PROBLEM REQUIREMENTS » From the first record through the last, copy each one exactly.

[Saved entries]
________

(* Let $n\geq4$ and let $U,V$ be monomials. Then $U,V\in F(J(P_{n-2})^2)$ if and only if $x_{n-1}^2U,\,x_{n-1}^2V\in F(J(P_n)^2)$. Moreover, in that case $U>_{\mathcal R}V$ (rooted order on $F(J(P_{n-2})^2)$) if and only if $x_{n-1}^2U>_{\mathcal R}x_{n-1}^2V$ (rooted order on $F(J(P_n)^2)$).
   Context: Let $K$ be a field. For $m\geq 1$, $P_m$ is the path graph on vertices $x_1,\ldots,x_m$ with edges $\{x_i,x_{i+1}\}$. The cover ideal $J(P_m)$ is generated by the monomials $\prod_{x\in C}x$ with $C$ a minimal vertex cover of $P_m$. For a monomial ideal $I$, $G(I)$ is its set of minimal monomial generators and $F(I^2)=\{uv:u,v\in G(I)\}$. The rooted list $\mathcal R(P_m)$ is defined recursively: $\mathcal R(P_1)$ empty; $\mathcal R(P_2)=x_1,x_2$; $\mathcal R(P_3)=x_2,x_1x_3$; $\mathcal R(P_4)=x_1x_3,x_2x_3,x_2x_4$; for $m\geq5$, if $\mathcal R(P_{m-2})=u_1,\ldots,u_r$ and $\mathcal R(P_{m-3})=v_1,\ldots,v_s$, then $\mathcal R(P_m)=x_{m-1}u_1,\ldots,x_{m-1}u_r,x_mx_{m-2}v_1,\ldots,x_mx_{m-2}v_s$; it lists each element of $G(J(P_m))$ once. With $\mathcal R(P_m)=u_1,\ldots,u_q$, each $M\in F(J(P_m)^2)$ can be written $u_1^{a_1}\cdots u_q^{a_q}$ with $a_i\geq0$, $\sum a_i=2$; the maximal expression of $M$ is the one with lexicographically largest exponent vector. The rooted order on $F(J(P_m)^2)$: $M>_{\mathcal R}N$ iff the exponent vector of the maximal expression of $M$ is lexicographically larger than that of $N$. *)

From mathcomp Require Import all_boot.
Set Implicit Arguments. Unset Strict Implicit. Unset Printing Implicit Defensive.

(* A monomial in the variables x_1, x_2, ... is represented by its exponent
   function: (M i) is the exponent of x_i.  Index 0 is unused (a genuine
   monomial in x_1,x_2,... has M 0 = 0). *)
Definition mon := nat -> nat.

Definition is_monomial (M : mon) : Prop :=
  M 0 = 0 /\ exists N, forall i, N < i -> M i = 0.

Definition meq (M N : mon) : Prop := forall i, M i = N i.

Definition mone : mon := fun _ => 0.
Definition mmul (M N : mon) : mon := fun i => M i + N i.
Definition xv (k : nat) : mon := fun i => nat_of_bool (i == k).

(* Vertex covers of the path P_m on x_1..x_m, edges {x_i, x_{i+1}}. *)
Definition in_range (m : nat) (C : nat -> bool) : Prop :=
  forall i, C i -> (1 <= i <= m).
Definition is_cover (m : nat) (C : nat -> bool) : Prop :=
  forall i, 1 <= i -> i < m -> C i || C i.+1.
Definition min_cover (m : nat) (C : nat -> bool) : Prop :=
  [/\ in_range m C, is_cover m C &
      forall C' : nat -> bool, in_range m C' -> is_cover m C' ->
        (forall i, C' i -> C i) -> forall i, C i -> C' i].

Definition cover_mon (C : nat -> bool) : mon := fun i => nat_of_bool (C i).

Definition inG (m : nat) (u : mon) : Prop :=
  exists C, min_cover m C /\ meq u (cover_mon C).

Definition inF2 (m : nat) (M : mon) : Prop :=
  exists u v, [/\ inG m u, inG m v & meq M (mmul u v)].

Fixpoint rooted (m : nat) : seq mon :=
  match m with
  | 0 => [::]
  | 1 => [::]
  | 2 => [:: xv 1; xv 2]
  | 3 => [:: xv 2; mmul (xv 1) (xv 3)]
  | 4 => [:: mmul (xv 1) (xv 3); mmul (xv 2) (xv 3); mmul (xv 2) (xv 4)]
  | S (S ((S ((S (S p)) as y)) as x)) =>
      (* here m = p+5, x = m-2, y = m-3 *)
      [seq mmul (xv p.+4) u | u <- rooted x] ++
      [seq mmul (mmul (xv p.+4.+1) (xv p.+3)) v | v <- rooted y]
  end.

Definition mexpr (R : seq mon) (a : seq nat) : mon :=
  fun j => \sum_(i < size R) nth 0 a i * (nth mone R i) j.

Definition is_expr (m : nat) (M : mon) (a : seq nat) : Prop :=
  [/\ size a = size (rooted m), sumn a = 2 & meq M (mexpr (rooted m) a)].

Fixpoint lexlt (a b : seq nat) : bool :=
  match a, b with
  | x :: a', y :: b' => (x < y) || ((x == y) && lexlt a' b')
  | _, _ => false
  end.
Definition lexle (a b : seq nat) : bool := (a == b) || lexlt a b.

Definition is_max_expr (m : nat) (M : mon) (a : seq nat) : Prop :=
  is_expr m M a /\ forall b, is_expr m M b -> lexle b a.

Definition rgt (m : nat) (M N : mon) : Prop :=
  exists a b, [/\ is_max_expr m M a, is_max_expr m N b & lexlt b a].

From mathcomp Require Import all_boot zify.

Set Implicit Arguments.
Unset Strict Implicit.
Unset Printing Implicit Defensive.

(* On the cover side, C |-> C u {x_(n-1)} is a bijection from the minimal
   vertex covers of P_(n-2) onto the minimal vertex covers of P_n containing
   x_(n-1); since every generator of J(P_n) is squarefree, a product of two of
   them is divisible by x_(n-1)^2 only if both factors contain x_(n-1).

   On the order side, R(P_n) starts with the block x_(n-1) R(P_(n-2)), and no
   later entry, nor any entry of R(P_(n-2)), involves x_(n-1).  Comparing
   x_(n-1)-degrees, every expression of x_(n-1)^2 U over R(P_n) uses only the
   first block, so the expressions of x_(n-1)^2 U are exactly the expressions
   of U padded with zeros, and padding by a common suffix preserves the
   lexicographic order. *)

Definition xsq n (U : mon) : mon := mmul (mmul (xv n.-1) (xv n.-1)) U.

Lemma xv_neq k j : k != j -> xv k j = 0.
Proof. by rewrite /xv eq_sym => /negbTE ->. Qed.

________

ANSWER SPACE »
(* Let $n\geq4$ and let $U,V$ be monomials. Then $U,V\in F(J(P_{n-2})^2)$ if and only if $x_{n-1}^2U,\,x_{n-1}^2V\in F(J(P_n)^2)$. Moreover, in that case $U>_{\mathcal R}V$ (rooted order on $F(J(P_{n-2})^2)$) if and only if $x_{n-1}^2U>_{\mathcal R}x_{n-1}^2V$ (rooted order on $F(J(P_n)^2)$).
   Context: Let $K$ be a field. For $m\geq 1$, $P_m$ is the path graph on vertices $x_1,\ldots,x_m$ with edges $\{x_i,x_{i+1}\}$. The cover ideal $J(P_m)$ is generated by the monomials $\prod_{x\in C}x$ with $C$ a minimal vertex cover of $P_m$. For a monomial ideal $I$, $G(I)$ is its set of minimal monomial generators and $F(I^2)=\{uv:u,v\in G(I)\}$. The rooted list $\mathcal R(P_m)$ is defined recursively: $\mathcal R(P_1)$ empty; $\mathcal R(P_2)=x_1,x_2$; $\mathcal R(P_3)=x_2,x_1x_3$; $\mathcal R(P_4)=x_1x_3,x_2x_3,x_2x_4$; for $m\geq5$, if $\mathcal R(P_{m-2})=u_1,\ldots,u_r$ and $\mathcal R(P_{m-3})=v_1,\ldots,v_s$, then $\mathcal R(P_m)=x_{m-1}u_1,\ldots,x_{m-1}u_r,x_mx_{m-2}v_1,\ldots,x_mx_{m-2}v_s$; it lists each element of $G(J(P_m))$ once. With $\mathcal R(P_m)=u_1,\ldots,u_q$, each $M\in F(J(P_m)^2)$ can be written $u_1^{a_1}\cdots u_q^{a_q}$ with $a_i\geq0$, $\sum a_i=2$; the maximal expression of $M$ is the one with lexicographically largest exponent vector. The rooted order on $F(J(P_m)^2)$: $M>_{\mathcal R}N$ iff the exponent vector of the maximal expression of $M$ is lexicographically larger than that of $N$. *)

From mathcomp Require Import all_boot.
Set Implicit Arguments. Unset Strict Implicit. Unset Printing Implicit Defensive.

(* A monomial in the variables x_1, x_2, ... is represented by its exponent
   function: (M i) is the exponent of x_i.  Index 0 is unused (a genuine
   monomial in x_1,x_2,... has M 0 = 0). *)
Definition mon := nat -> nat.

Definition is_monomial (M : mon) : Prop :=
  M 0 = 0 /\ exists N, forall i, N < i -> M i = 0.

Definition meq (M N : mon) : Prop := forall i, M i = N i.

Definition mone : mon := fun _ => 0.
Definition mmul (M N : mon) : mon := fun i => M i + N i.
Definition xv (k : nat) : mon := fun i => nat_of_bool (i == k).

(* Vertex covers of the path P_m on x_1..x_m, edges {x_i, x_{i+1}}. *)
Definition in_range (m : nat) (C : nat -> bool) : Prop :=
  forall i, C i -> (1 <= i <= m).
Definition is_cover (m : nat) (C : nat -> bool) : Prop :=
  forall i, 1 <= i -> i < m -> C i || C i.+1.
Definition min_cover (m : nat) (C : nat -> bool) : Prop :=
  [/\ in_range m C, is_cover m C &
      forall C' : nat -> bool, in_range m C' -> is_cover m C' ->
        (forall i, C' i -> C i) -> forall i, C i -> C' i].

Definition cover_mon (C : nat -> bool) : mon := fun i => nat_of_bool (C i).

Definition inG (m : nat) (u : mon) : Prop :=
  exists C, min_cover m C /\ meq u (cover_mon C).

Definition inF2 (m : nat) (M : mon) : Prop :=
  exists u v, [/\ inG m u, inG m v & meq M (mmul u v)].

Fixpoint rooted (m : nat) : seq mon :=
  match m with
  | 0 => [::]
  | 1 => [::]
  | 2 => [:: xv 1; xv 2]
  | 3 => [:: xv 2; mmul (xv 1) (xv 3)]
  | 4 => [:: mmul (xv 1) (xv 3); mmul (xv 2) (xv 3); mmul (xv 2) (xv 4)]
  | S (S ((S ((S (S p)) as y)) as x)) =>
      (* here m = p+5, x = m-2, y = m-3 *)
      [seq mmul (xv p.+4) u | u <- rooted x] ++
      [seq mmul (mmul (xv p.+4.+1) (xv p.+3)) v | v <- rooted y]
  end.

Definition mexpr (R : seq mon) (a : seq nat) : mon :=
  fun j => \sum_(i < size R) nth 0 a i * (nth mone R i) j.

Definition is_expr (m : nat) (M : mon) (a : seq nat) : Prop :=
  [/\ size a = size (rooted m), sumn a = 2 & meq M (mexpr (rooted m) a)].

Fixpoint lexlt (a b : seq nat) : bool :=
  match a, b with
  | x :: a', y :: b' => (x < y) || ((x == y) && lexlt a' b')
  | _, _ => false
  end.
Definition lexle (a b : seq nat) : bool := (a == b) || lexlt a b.

Definition is_max_expr (m : nat) (M : mon) (a : seq nat) : Prop :=
  is_expr m M a /\ forall b, is_expr m M b -> lexle b a.

Definition rgt (m : nat) (M N : mon) : Prop :=
  exists a b, [/\ is_max_expr m M a, is_max_expr m N b & lexlt b a].

From mathcomp Require Import all_boot zify.

Set Implicit Arguments.
Unset Strict Implicit.
Unset Printing Implicit Defensive.

(* On the cover side, C |-> C u {x_(n-1)} is a bijection from the minimal
   vertex covers of P_(n-2) onto the minimal vertex covers of P_n containing
   x_(n-1); since every generator of J(P_n) is squarefree, a product of two of
   them is divisible by x_(n-1)^2 only if both factors contain x_(n-1).

   On the order side, R(P_n) starts with the block x_(n-1) R(P_(n-2)), and no
   later entry, nor any entry of R(P_(n-2)), involves x_(n-1).  Comparing
   x_(n-1)-degrees, every expression of x_(n-1)^2 U over R(P_n) uses only the
   first block, so the expressions of x_(n-1)^2 U are exactly the expressions
   of U padded with zeros, and padding by a common suffix preserves the
   lexicographic order. *)

Definition xsq n (U : mon) : mon := mmul (mmul (xv n.-1) (xv n.-1)) U.

Lemma xv_neq k j : k != j -> xv k j = 0.
Proof. by rewrite /xv eq_sym => /negbTE ->. Qed.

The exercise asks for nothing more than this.